I cannot test if 32-bit python works, because the dataset is too large and I get a memory error (SystemError: <built-in method add_word of ahocorasick.Automaton object at 0x080305E0> returned NULL without setting an error)

WojciechMula commented 6 years ago

@Dobatymo is it possible to somehow get the dataset you use? I'd love to finally fix the bug, but I'm not able to reproduce it on my own.

Dobatymo commented 6 years ago

I use this one https://dumps.wikimedia.org/enwiki/latest/enwiki-latest-all-titles-in-ns0.gz Tomorrow I can check which version/date of the dump exactly and give you the code to reproduce it.
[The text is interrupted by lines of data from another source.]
(* Consider a radial three-phase distribution grid on buses $\{0,\ldots,N\}$ (feeder bus $0$, each bus $n\geq1$ with parent $\pi_n<n$, line $n$ joining $\pi_n$ and $n$), with symmetric phase impedance matrices $\mathbf{Z}_n=\mathbf{Z}_n^{\top}\in\mathbb{C}^{3\times3}$, and let $\mathbf{X}:=2\mathbf{M}\,\mathrm{bdiag}(\{\mathrm{Im}[\tilde{\mathbf{Z}}_n]\})\mathbf{M}^{\top}\in\mathbb{R}^{3N\times3N}$, assumed invertible. Let $\mathbf{U}\mathbf{\Lambda}\mathbf{U}^{\top}$ be an eigenvalue decomposition of $\mathbf{X}\mathbf{X}^{\top}$ ($\mathbf{U}$ orthogonal, $\mathbf{\Lambda}$ diagonal with positive entries). If \[\mu\in\left(0,\ \lambda_{\min}\!\left(\mathbf{\Lambda}^{-1/2}\mathbf{U}^{\top}(\mathbf{X}+\mathbf{X}^{\top})\mathbf{U}\mathbf{\Lambda}^{-1/2}\right)\right),\] then $\|\mathbf{I}-\mu\mathbf{X}\|_2<1$.
   Context: $\tilde{\mathbf{Z}}_n:=\operatorname{diag}(\boldsymbol{\alpha}^* )\mathbf{Z}_n\operatorname{diag}(\boldsymbol{\alpha})$ with $\boldsymbol{\alpha}:=[1~\alpha~\alpha^2]^{\top}$, $\alpha=e^{-j2\pi/3}$; $^*$ is entrywise conjugation and $\mathrm{Im}$ is entrywise. $\mathbf{M}:=\mathbf{T}(\mathbf{I}_3\otimes\mathbf{F})\mathbf{T}^{\top}$, where: the full branch-bus incidence matrix $\tilde{\mathbf{A}}=[\mathbf{a}_0~\mathbf{A}]\in\mathbb{R}^{N\times(N+1)}$ has in row $n$ entry $+1$ at column $\pi_n$, $-1$ at column $n$, zeros elsewhere; $\mathbf{A}$ is the reduced incidence matrix (column of bus $0$ removed); $\mathbf{F}:=-\mathbf{A}^{-1}$; $\mathbf{T}:=[\mathbf{I}_3\otimes\mathbf{e}_1^{\top};\ldots;\mathbf{I}_3\otimes\mathbf{e}_N^{\top}]$ (blocks stacked vertically) with $\mathbf{e}_n$ the $n$-th column of $\mathbf{I}_N$. $\mathrm{bdiag}$ denotes a block diagonal matrix. $\|\cdot\|_2$ is the spectral norm; $\lambda_{\min}$ is the smallest eigenvalue of a symmetric matrix. *)

From HB Require Import structures.
From mathcomp Require Import all_boot all_order all_algebra.
From mathcomp Require Import classical_sets reals trigo.
From mathcomp.real_closed Require Import complex mxtens.

Set Implicit Arguments.
Unset Strict Implicit.
Unset Printing Implicit Defensive.

Import Order.TTheory GRing.Theory Num.Theory.
Local Open Scope ring_scope.
Local Open Scope classical_set_scope.

Section Grid.
Variable R : realType.

(* Index conventions: line/bus n (1 <= n <= N) is represented by i : 'I_N with
   n = i.+1; bus 0 is the feeder.  The parent pi_n of bus i.+1 is [par i]
   (a natural number <= i).  Row-stacked / Kronecker indices follow mxtens:
   the index (a, b) of 'I_(m * n) is a * n + b (mxtens_index). *)

Definition inc_full (N : nat) (par : 'I_N -> nat) : 'M[R]_(N, N.+1) :=
  \matrix_(i < N, j < N.+1)
    ((nat_of_ord j == par i)%:R - (nat_of_ord j == i.+1)%:R).

Definition inc_red (N : nat) (par : 'I_N -> nat) : 'M[R]_N :=
  \matrix_(i < N, j < N) inc_full par i (lift ord0 j).

Definition Fmx (N : nat) (par : 'I_N -> nat) : 'M[R]_N := - invmx (inc_red par).

Definition e_row (N : nat) (n : 'I_N) : 'M[R]_(1, N) := delta_mx 0 n.

(* T := [I_3 (x) e_1^T; ... ; I_3 (x) e_N^T]  (blocks stacked vertically) *)
Definition Tmx (N : nat) : 'M[R]_(N * 3, 3 * N) :=
  \matrix_(k < N * 3, c < 3 * N)
    (tensmx (1%:M : 'M[R]_3) (e_row (mxtens_unindex k).1))
      (mxtens_index ((mxtens_unindex k).2, (ord0 : 'I_1))) c.

Definition Mmx (N : nat) (par : 'I_N -> nat) : 'M[R]_(N * 3) :=
  Tmx N *m tensmx (1%:M : 'M[R]_3) (Fmx par) *m (Tmx N)^T.

Definition bdiag (N : nat) (B : 'I_N -> 'M[R]_3) : 'M[R]_(N * 3) :=
  \matrix_(k < N * 3, l < N * 3)
    (if (mxtens_unindex k).1 == (mxtens_unindex l).1
     then B (mxtens_unindex k).1 (mxtens_unindex k).2 (mxtens_unindex l).2
     else 0).

Definition alpha : R[i] :=
  Complex (cos (2 * pi / 3)) (- sin (2 * pi / 3)).

Definition alpha_vec : 'rV[R[i]]_3 := \row_(p < 3) alpha ^+ p.

Definition Ztilde (Z : 'M[R[i]]_3) : 'M[R[i]]_3 :=
  diag_mx (map_mx (@conjc R) alpha_vec) *m Z *m diag_mx alpha_vec.

Definition Xmx (N : nat) (par : 'I_N -> nat) (Z : 'I_N -> 'M[R[i]]_3)
  : 'M[R]_(N * 3) :=
  2%:R *: (Mmx par *m bdiag (fun n => map_mx (@complex.Im R) (Ztilde (Z n)))
           *m (Mmx par)^T).

Definition vnorm (n : nat) (v : 'cV[R]_n) : R := Num.sqrt (\sum_i v i 0 ^+ 2).

Definition spectral_norm (m n : nat) (B : 'M[R]_(m, n)) : R :=
  sup [set vnorm (B *m x) | x in [set x : 'cV[R]_n | vnorm x = 1]].

Definition lambda_min (n : nat) (S : 'M[R]_n) : R :=
  inf [set a : R | eigenvalue S a].

End Grid.

From HB Require Import structures.
From mathcomp Require Import all_boot all_order all_algebra.
From mathcomp Require Import reals.
From mathcomp.real_closed Require Import complex.
From mathcomp Require Import boolp classical_sets.
From mathcomp Require Import sesquilinear spectral.
From mathcomp Require Import lra.

Set Implicit Arguments.
Unset Strict Implicit.
Unset Printing Implicit Defensive.

Import Order.TTheory GRing.Theory Num.Theory.
Local Open Scope ring_scope.

(* Let D := diag(d) and S := D^-1/2 U^T (X + X^T) U D^-1/2.  For a vector y
   put w := D^1/2 U^T y; then w^T S w = 2 y^T X^T y and
   |w|^2 = |X^T y|^2 >= (min_k d_k) |y|^2.  As the spectrum of S lies above
   mu + e for some e > 0, this gives
   |(I - mu X)^T y|^2 = |y|^2 - 2 mu y^T X^T y + mu^2 |X^T y|^2
                     <= (1 - mu e min_k d_k) |y|^2,
   so (I - mu X)^T, and hence I - mu X, is a strict contraction. *)

Lemma pos_lbound (R : realFieldType) n (f : 'I_n -> R) :
  (forall j, 0 < f j) -> exists2 e : R, 0 < e & forall j, e <= f j.
Proof.
move=> f_gt0; have inv_ge0 : 0 <= \sum_j (f j)^-1.
  by apply: sumr_ge0 => j _; rewrite invr_ge0 ltW.
exists (1 + \sum_j (f j)^-1)^-1 => [|j]; first by rewrite invr_gt0 ltr_wpDr.
rewrite -[f j]invrK lef_pV2 ?posrE ?invr_gt0 ?ltr_wpDr //.
rewrite (bigD1 j) //= addrCA lerDl addr_ge0 //.
by apply: sumr_ge0 => k _; rewrite invr_ge0 ltW.
Qed.

Lemma sym_quadform_ge_spectrum (R : rcfType) n (S : 'M[R]_n) : S^T = S ->
  exists2 r : 'I_n -> R, (forall j, eigenvalue S (r j)) &
    forall c, (forall j, c <= r j) ->
    forall v : 'cV[R]_n, c * (v^T *m v) 0 0 <= (v^T *m S *m v) 0 0.
Proof.
(* Diagonalize S as a Hermitian matrix over [R[i]]; its spectrum is real. *)
move=> trS; pose f := real_complex R; pose SC := map_mx f S.
have conjf x : (f x)^* = f x by apply/conj_Creal/complex_realP; exists x.
have herm : SC \is hermsymmx.
  apply/is_hermitianmxP; rewrite expr0 scale1r; apply/matrixP=> i j.
  by rewrite !mxE conjf -{1}trS mxE.
have /orthomx_spectralP := hermitian_normalmx herm.
have P_unitary := spectral_unitarymx SC.
set P := spectralmx SC; set sp := spectral_diag SC.
rewrite invmx_unitary // => SC_diag.
have PPt : P *m (P^t*)%sesqui = 1%:M by apply/unitarymxP.
have /mxOverP sp_real := hermitian_spectral_diag_real herm.
pose r j := complex.Re (sp 0 j).
have spr j : sp 0 j = f (r j) by rewrite /r /f RRe_real //; apply: sp_real.
exists r => [j|c c_le v].
  rewrite eigenvalue_root_char -(fmorph_root f) map_char_poly.
  rewrite -eigenvalue_root_char; apply/eigenvalueP; exists (row j P).
    rewrite -/SC -row_mul SC_diag !mulmxA PPt mul1mx mul_diag_mx.
    by apply/rowP=> k; rewrite !mxE spr.
  apply/eqP=> /(congr1 (mulmx^~ (P^t*)%sesqui)).
  rewrite -row_mul PPt mul0mx row1 => /rowP /(_ j).
  by rewrite !mxE !eqxx => /eqP; rewrite oner_eq0.
pose y := P *m map_mx f v.
have yt : (map_mx f v)^T *m (P^t*)%sesqui = (y^t*)%sesqui.
  rewrite /y trmx_mul map_mxM; congr (_ *m _).
  by apply/matrixP=> i j; rewrite !mxE; apply/esym/conjf.
have vSv : f ((v^T *m S *m v) 0 0) = \sum_k f (r k) * ((y k 0)^* * y k 0).
  transitivity (map_mx f (v^T *m S *m v) 0 0); first by rewrite [RHS]mxE.
  rewrite !map_mxM -map_trmx -/SC SC_diag !mulmxA yt.
  rewrite -[_ *m P *m _]mulmxA -/y mul_mx_diag mxE.
  by apply: eq_bigr => k _; rewrite !mxE spr mulrCA mulrA.
have vv : f ((v^T *m v) 0 0) = \sum_k (y k 0)^* * y k 0.
  transitivity (map_mx f (v^T *m v) 0 0); first by rewrite [RHS]mxE.
  rewrite map_mxM -map_trmx -{2}(mul1mx (map_mx f v)) -(mulmx1C PPt).
  rewrite !mulmxA yt.
  by rewrite -mulmxA mxE; apply: eq_bigr => k _; rewrite !mxE.
rewrite -subr_ge0 -ler0c rmorphB rmorphM /= -/f vSv vv mulr_sumr -sumrB.
apply: sumr_ge0 => k _; rewrite -mulrBl mulr_ge0 //; last first.
  by rewrite mulrC mul_conjC_ge0.
by rewrite -rmorphB ler0c subr_ge0.
Qed.

Lemma sym_eigenvalue_gap (R : rcfType) n (S : 'M[R]_n) (c : R) :
  S^T = S -> (forall a, eigenvalue S a -> c < a) ->
  exists2 e : R, 0 < e &
    forall v : 'cV[R]_n, (c + e) * (v^T *m v) 0 0 <= (v^T *m S *m v) 0 0.
Proof.
move=> /sym_quadform_ge_spectrum [r r_eig r_bound] c_lt.
have r_gap j : 0 < r j - c by rewrite subr_gt0 c_lt.
have [e e_gt0 e_le] := pos_lbound r_gap.
by exists e => //; apply: r_bound => j; rewrite -lerBrDl e_le.
Qed.

Section QuadraticForm.
Variable R : realFieldType.

Lemma trmx_mx11 (A : 'M[R]_1) : A^T = A.
Proof. by rewrite [A]mx11_scalar tr_scalar_mx. Qed.

Lemma trmx_mulC n (u v : 'cV[R]_n) : u^T *m v = v^T *m u.
Proof. by rewrite -[LHS]trmx_mx11 trmx_mul trmxK. Qed.

Lemma sqnormE n (v : 'cV[R]_n) : (v^T *m v) 0 0 = \sum_i v i 0 ^+ 2.
Proof. by rewrite mxE; apply: eq_bigr => i _; rewrite mxE expr2. Qed.

Lemma sqnorm_ge0 n (v : 'cV[R]_n) : 0 <= (v^T *m v) 0 0.
Proof. by rewrite sqnormE; apply: sumr_ge0 => i _; rewrite sqr_ge0. Qed.

Lemma dot_le_sqnorm n (u v : 'cV[R]_n) :
  2 * (u^T *m v) 0 0 <= (u^T *m u) 0 0 + (v^T *m v) 0 0.
Proof.
rewrite !sqnormE mxE mulr_sumr -big_split /=; apply: ler_sum => i _.
by rewrite mxE; have := sqr_ge0 (u i 0 - v i 0); nra.
Qed.

Lemma sqnorm_subZ n (u v : 'cV[R]_n) t :
  ((u - t *: v)^T *m (u - t *: v)) 0 0 =
  (u^T *m u) 0 0 - 2 * t * (u^T *m v) 0 0 + t ^+ 2 * (v^T *m v) 0 0.
Proof.
have -> : (u - t *: v)^T = u^T - t *: v^T by apply/matrixP=> i j; rewrite !mxE.
rewrite mulmxBl !mulmxBr -!scalemxAl -!scalemxAr.
by rewrite [v^T *m u]trmx_mulC scalerA !mxE; lra.
Qed.

(* Since [x^T A^T (A x) <= (|x|^2 + |A^T (A x)|^2) / 2], a contraction bound
   for [A^T] transfers to [A]. *)
Lemma sqnorm_mulmx_le_tr n (A : 'M[R]_n) (c : R) :
  (forall y : 'cV[R]_n,
    ((A^T *m y)^T *m (A^T *m y)) 0 0 + c * (y^T *m y) 0 0 <= (y^T *m y) 0 0) ->
  forall x : 'cV[R]_n,
    (1 + c) * ((A *m x)^T *m (A *m x)) 0 0 <= (x^T *m x) 0 0.
Proof.
move=> A_tr x; have := dot_le_sqnorm x (A^T *m (A *m x)).
have := A_tr (A *m x); rewrite [x^T *m _]mulmxA -trmx_mul; lra.
Qed.

End QuadraticForm.

Section Whitening.
Variables (R : rcfType) (n : nat) (X U : 'M[R]_n) (d : 'I_n -> R).
Hypothesis U_orth : U^T *m U = 1%:M.
Hypothesis d_gt0 : forall k, 0 < d k.
Hypothesis XXt_eig : X *m X^T = U *m diag_mx (\row_k d k) *m U^T.

Let Dsqrt := diag_mx (\row_k Num.sqrt (d k)).
Let Dsqrt_inv := diag_mx (\row_k (Num.sqrt (d k))^-1).
Let S := Dsqrt_inv *m U^T *m (X + X^T) *m U *m Dsqrt_inv.

Let UUt : U *m U^T = 1%:M. Proof. exact: mulmx1C. Qed.

Let Dsqrt_invK : Dsqrt_inv *m Dsqrt = 1%:M.
Proof.
rewrite mulmx_diag; apply/matrixP=> i j; rewrite !mxE.
by case: eqP => // _; rewrite mulVf // gt_eqF // sqrtr_gt0.
Qed.

Let Dsqrt_sqr : Dsqrt *m Dsqrt = diag_mx (\row_k d k).
Proof.
rewrite mulmx_diag; congr diag_mx; apply/rowP=> k.
by rewrite !mxE -expr2 sqr_sqrtr // ltW.
Qed.

Lemma whitened_sym : S^T = S.
Proof.
rewrite /S !trmx_mul !tr_diag_mx trmxK !mulmxA; congr (_ *m _ *m _).
rewrite -!mulmxA; congr (_ *m (_ *m _)).
by apply/matrixP=> i j; rewrite !mxE addrC.
Qed.

Section Vector.
Variable y : 'cV[R]_n.
Let w := Dsqrt *m (U^T *m y).

Lemma whitened_quadform : w^T *m S *m w = y^T *m (X + X^T) *m y.
Proof.
rewrite /w /S trmx_mul tr_diag_mx trmx_mul trmxK !mulmxA.
rewrite -[_ *m Dsqrt *m Dsqrt_inv]mulmxA (mulmx1C Dsqrt_invK) mulmx1.
rewrite -[_ *m U *m U^T]mulmxA UUt mulmx1.
rewrite -[_ *m Dsqrt_inv *m Dsqrt]mulmxA Dsqrt_invK mulmx1.
by rewrite -[_ *m U *m U^T]mulmxA UUt mulmx1.
Qed.

Lemma whitened_sqnorm : w^T *m w = (X^T *m y)^T *m (X^T *m y).
Proof.
rewrite /w trmx_mul tr_diag_mx mulmxA -[_ *m Dsqrt *m Dsqrt]mulmxA Dsqrt_sqr.
rewrite [(X^T *m y)^T]trmx_mul trmxK mulmxA -[y^T *m X *m X^T]mulmxA XXt_eig.
by rewrite trmx_mul trmxK !mulmxA.
Qed.

End Vector.

Lemma sqnorm_trmx_lbound : exists2 m : R, 0 < m &
  forall y : 'cV[R]_n,
    m * (y^T *m y) 0 0 <= ((X^T *m y)^T *m (X^T *m y)) 0 0.
Proof.
have [m m_gt0 m_le] := pos_lbound d_gt0.
exists m => // y; rewrite -whitened_sqnorm.
have -> : y^T *m y = (U^T *m y)^T *m (U^T *m y).
  by rewrite trmx_mul trmxK mulmxA -[y^T *m U *m U^T]mulmxA UUt mulmx1.
rewrite !sqnormE mulr_sumr; apply: ler_sum => k _.
rewrite mul_diag_mx !mxE exprMn sqr_sqrtr; last exact: ltW.
by rewrite ler_wpM2r ?sqr_ge0.
Qed.

Lemma quadform_addmx_tr (y : 'cV[R]_n) :
  (y^T *m (X + X^T) *m y) 0 0 = 2 * (y^T *m (X^T *m y)) 0 0.
Proof.
rewrite mulmxDr mulmxDl mxE mulmxA -[y^T *m X *m y]trmx_mx11.
by rewrite !trmx_mul trmxK mulmxA mxE; lra.
Qed.

Lemma whitened_contraction (mu : R) : 0 < mu ->
  (forall a, eigenvalue S a -> mu < a) ->
  exists2 c : R, 0 < c & forall y : 'cV[R]_n,
    (((1%:M - mu *: X)^T *m y)^T *m ((1%:M - mu *: X)^T *m y)) 0 0
      + c * (y^T *m y) 0 0 <= (y^T *m y) 0 0.
Proof.
move=> mu_gt0 /(sym_eigenvalue_gap whitened_sym) [e e_gt0 S_gap].
have [m m_gt0 m_le] := sqnorm_trmx_lbound.
exists (mu * e * m) => [|y]; first by rewrite !mulr_gt0.
have -> : (1%:M - mu *: X)^T *m y = y - mu *: (X^T *m y).
  by rewrite linearB /= trmx1 linearZ /= mulmxBl mul1mx -scalemxAl.
have := S_gap (Dsqrt *m (U^T *m y)).
rewrite whitened_quadform whitened_sqnorm quadform_addmx_tr sqnorm_subZ.
move=> /(ler_wpM2l (ltW mu_gt0)) gap.
have := ler_wpM2l (ltW (mulr_gt0 mu_gt0 e_gt0)) (m_le y); nra.
Qed.

End Whitening.

Section SpectralNorm.
Variable R : realType.

Lemma vnormE n (v : 'cV[R]_n) : vnorm v = Num.sqrt ((v^T *m v) 0 0).
Proof. by rewrite sqnormE. Qed.

Lemma spectral_norm_le m n (B : 'M[R]_(m, n)) (b : R) : 0 <= b ->
  (forall x : 'cV[R]_n, vnorm x = 1 -> vnorm (B *m x) <= b) ->
  spectral_norm B <= b.
Proof.
move=> b_ge0 B_le; rewrite /spectral_norm.
set E := (X in sup X).
have [->|/set0P E_neq0] := eqVneq E set0; first by rewrite sup0.
by apply: ge_sup => // _ [x /= x1 <-]; apply: B_le.
Qed.

Lemma spectral_norm_lt1 n (A : 'M[R]_n) (c : R) : 0 < c ->
  (forall x : 'cV[R]_n,
    (1 + c) * ((A *m x)^T *m (A *m x)) 0 0 <= (x^T *m x) 0 0) ->
  spectral_norm A < 1.
Proof.
move=> c_gt0 A_le; have c1_gt0 : 0 < 1 + c by rewrite ltr_wpDr // ltW.
apply: (@le_lt_trans _ _ (Num.sqrt (1 + c)^-1)); last first.
  by rewrite -[X in _ < X]sqrtr1 ltr_sqrt // invf_lt1 // ltrDl.
apply: spectral_norm_le => [|x]; first exact: sqrtr_ge0.
rewrite !vnormE => x1; rewrite ler_sqrt; last by rewrite invr_ge0 ltW.
have x1' : (x^T *m x) 0 0 = 1.
  by rewrite -(sqr_sqrtr (sqnorm_ge0 x)) x1 expr1n.
by rewrite -[(1 + c)^-1]mulr1 ler_pdivlMl // -[X in _ <= X]x1' A_le.
Qed.

(* [inf] of a set without lower bound is 0, whence the hypothesis [0 <= mu]. *)
Lemma lambda_min_lt_eigenvalue n (S : 'M[R]_n) (mu a : R) :
  0 <= mu -> mu < lambda_min S -> eigenvalue S a -> mu < a.
Proof.
move=> mu_ge0 mu_lt Sa.
have [S_lb|S_nlb] := pselect (has_lbound [set a : R | eigenvalue S a]).
  exact: lt_le_trans mu_lt (ge_inf _ _).
by move: mu_lt; rewrite /lambda_min inf_out ?ltNge ?mu_ge0 // => -[].
Qed.

End SpectralNorm.

Theorem proposition6 (R : realType) (N : nat) (par : 'I_N -> nat)
  (Z : 'I_N -> 'M[R[i]]_3)
  (U : 'M[R]_(N * 3)) (d : 'I_(N * 3) -> R) (mu : R) :
  (forall n : 'I_N, par n <= n)%N ->
  (forall n : 'I_N, (Z n)^T = Z n) ->
  Xmx par Z \in unitmx ->
  U^T *m U = 1%:M ->
  (forall k, 0 < d k) ->
  Xmx par Z *m (Xmx par Z)^T = U *m diag_mx (\row_k d k) *m U^T ->
  0 < mu ->
  mu < lambda_min
         (diag_mx (\row_k (Num.sqrt (d k))^-1) *m U^T
            *m (Xmx par Z + (Xmx par Z)^T) *m U
            *m diag_mx (\row_k (Num.sqrt (d k))^-1)) ->
  spectral_norm (1%:M - mu *: Xmx par Z) < 1.
Proof.
move=> _ _ _ U_orth d_gt0 XXt_eig mu_gt0 mu_lt.
have [c c_gt0 tr_contr] := whitened_contraction U_orth d_gt0 XXt_eig mu_gt0
  (fun a => lambda_min_lt_eigenvalue (ltW mu_gt0) mu_lt).
exact: spectral_norm_lt1 c_gt0 (sqnorm_mulmx_le_tr tr_contr).
Qed.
WojciechMula commented 6 years ago

Great! Thank you

EmilStenstrom commented 6 years ago

Hah, nice! That’s the original dataset I used too. But I used the Swedish version of Wikipedia, not the English one. The idea was to quickly find all Wikipedia articles from a span of text.

Some thoughts:

1) does the automation get bigger than ram? 2) is there very long strings in Wikipedia that somehow throws this off? 3) are there Unicode codepoints that mess things up?

Dobatymo commented 6 years ago

Python 3.6.6 (v3.6.6:4cf1f54eb7, Jun 27 2018, 03:37:03) [MSC v.1900 64 bit (AMD64)] on win32

import gzip, pickle
import ahocorasick

def read(wiki_titles):
    with gzip.open(wiki_titles, "rt", encoding="utf-8") as fr:
        for line in fr:
            yield line.strip()

def create_automaton(wiki_titles):
    a = ahocorasick.Automaton()

    for i, line in enumerate(read(wiki_titles)):
        a.add_word(line.lower(), i)
    a.make_automaton()

    return a

if __name__ == "__main__":

    # https://dumps.wikimedia.org/enwiki/20180701/enwiki-20180701-all-titles-in-ns0.gz
    wiki_path = "enwiki-20180701-all-titles-in-ns0.gz"
    pickle_path = "enwiki.p"

    with open(pickle_path, "wb") as fw:
        a = create_automaton(wiki_path)
        pickle.dump(a, fw)
        del a

    with open(pickle_path, "rb") as fr:
        a = pickle.load(fr)
Traceback (most recent call last):
  File "...\test.py", line 30, in <module>
    a = pickle.load(fr)
ValueError: binary data truncated (1)

Memory usage maxes out at 10.75 GB (just small enough to work on my 16GB machine)

stats
EmilStenstrom commented 5 years ago

@WojciechMula Maybe it's time to close this bug, until someone sees this problem with the latest version of the code, and Python 3.6+?